A burguesia imperava no Porto, a cidade prosperava e tornava-se num importante centro de negócios do país. No entanto, a rara prorrogativa, imposta pela burguesia portuense, apesar de vantajosa no curto-prazo, foi retirando um certo protagonismo político à cidade, afastando-a dos eventos mais importantes do país. Os monarcas não se alongavam na cidade, não se construíam aqui palácios, nem aqui se realizavam cortes.

Procurando o apoio da nobreza, em 1509 o rei D. Manuel I começou a autorizar alguns membros da nobreza a viverem na cidade do Porto com a suas famílias, podendo adquirir ou alugar casa.
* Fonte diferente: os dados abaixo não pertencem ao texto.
(* Let $f$ be a homeomorphism of a compact metric space $(X,d^X)$. If $x\in X$ is a minimally expansive point of $f$ which is also a shadowable point of $f$, then $x$ is a topologically stable point of $f$ and a GH-stable point of $f$.
   Context: $B(x,\epsilon)$ is the open ball, $\mathcal{O}_f(x)=\{f^n(x):n\in\mathbb{Z}\}$. $f$ is expansive on $A\subset X$ with constant $\mathfrak{c}$ if for all distinct $a,b\in A$ there is $n\in\mathbb{Z}$ with $d(f^n(a),f^n(b))>\mathfrak{c}$. $x$ is minimally expansive for $f$ if there is $\mathfrak{c}>0$ such that for each $y\in B(x,\mathfrak{c})$, $f$ is expansive on $\overline{\mathcal{O}_f(y)}$ with constant $\mathfrak{c}$. A $\delta$-pseudo orbit for $f$ through $x$ is a sequence $\{x_n\}_{n\in\mathbb{Z}}$ with $x_0=x$ and $d(f(x_n),x_{n+1})<\delta$ for all $n$; it is $\epsilon$-traced if there is $y$ with $d(f^n(y),x_n)<\epsilon$ for all $n\in\mathbb{Z}$. $x$ is a shadowable point of $f$ if for every $\epsilon>0$ there is $\delta>0$ such that every $\delta$-pseudo orbit for $f$ through $x$ is $\epsilon$-traced by some point of $X$. For maps $f,\bar f:X\to Y$, $d_{C^0}(f,\bar f)=\sup_{x}d^Y(f(x),\bar f(x))$. $x$ is a topologically stable point of $f$ if for every $\epsilon>0$ there is $\delta>0$ such that for every homeomorphism $g$ of $X$ with $d_{C^0}(f,g)\le\delta$ there is a continuous $h:\overline{\mathcal{O}_g(x)}\to X$ with $f\circ h=h\circ g$ and $d(h(z),z)\le\epsilon$ for all $z\in\overline{\mathcal{O}_g(x)}$. For $A,B\subset X$, $d^X(A,B)=\inf\{d^X(a,b):a\in A,b\in B\}$ and the Hausdorff distance is $d^X_H(A,B)=\max\{\sup_{a\in A}d^X(a,B),\sup_{b\in B}d^X(A,b)\}$. For compact metric spaces $(X,d^X),(Y,d^Y)$ and $\delta>0$, a map $i:X\to Y$ (not necessarily continuous) is a $\delta$-isometry if $\max\{d^Y_H(i(X),Y),\sup_{x,x'\in X}|d^Y(i(x),i(x'))-d^X(x,x')|\}<\delta$. For homeomorphisms $f$ of $X$ and $g$ of $Y$, $d_{GH^0}(f,g)=\inf\{\delta>0:$ there exist $\delta$-isometries $i:X\to Y$, $j:Y\to X$ with $d_{C^0}(g\circ i,i\circ f)<\delta$ and $d_{C^0}(j\circ g,f\circ j)<\delta\}$. $x$ is a GH-stable point of $f$ if for every $\epsilon>0$ there is $\delta>0$ such that for every compact metric space $(Y,d^Y)$ and every homeomorphism $g$ of $Y$ with $d_{GH^0}(f,g)<\delta$, there is an $\epsilon$-isometry $j:Y\to X$ such that for each $y\in j^{-1}(x)$ there is a continuous $h:\overline{\mathcal{O}_g(y)}\to X$ with $d^X(h(z),j(z))<\epsilon$ for all $z\in\overline{\mathcal{O}_g(y)}$ and $f\circ h=h\circ g$. *)

From Stdlib Require Import Reals ZArith List.
Open Scope R_scope.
A cidade ainda procurou resistir. Em 1577, por exemplo, quando os jesuítas começam a erguer a igreja e o Convento de São Lourenço – hoje mais conhecidos como dos Grilos – a Câmara e a população ergueram uma forte oposição. Era evidente que o colégio chamaria filhos de nobre e fidalgos que obrigatoriamente teriam de residir na cidade. Mas, apesar da resistência, os jesuítas acabaram por conseguir pôr o seu colégio a funcionar e, aos poucos, mais famílias nobres se foram estabelecendo na cidade, erguendo várias casas brasonadas.

Apesar deste raro privilégio há muito ter desaparecido, não há hoje portuense que o conheça e que não refira com orgulho que o Porto só acolhe quem quer e que, em tempos, teve mesmo o direito de recusar a entrada às classes socialmente privilegiadas.

Manuel de Sousa

Sobre o autor:

Manuel de Sousa (1965) é licenciado em Ciências Históricas, tem uma pós-graduação em Marketing Digital e um mestrado em Turismo. Desenvolveu atividade profissional ligada à área empresarial, nomeadamente à Comunicação e ao Marketing. Procurando aliar o seu interesse pela história local com as redes sociais, criou a página “Porto Desaparecido” no Facebook, cujo sucesso lhe valeu a atribuição da Medalha Municipal de Mérito pela Câmara Municipal do Porto. Em janeiro de 2017, publicou o livro “Porto d’Honra”, da editora A Esfera dos Livros, que reúne 15 episódios históricos da cidade do Porto.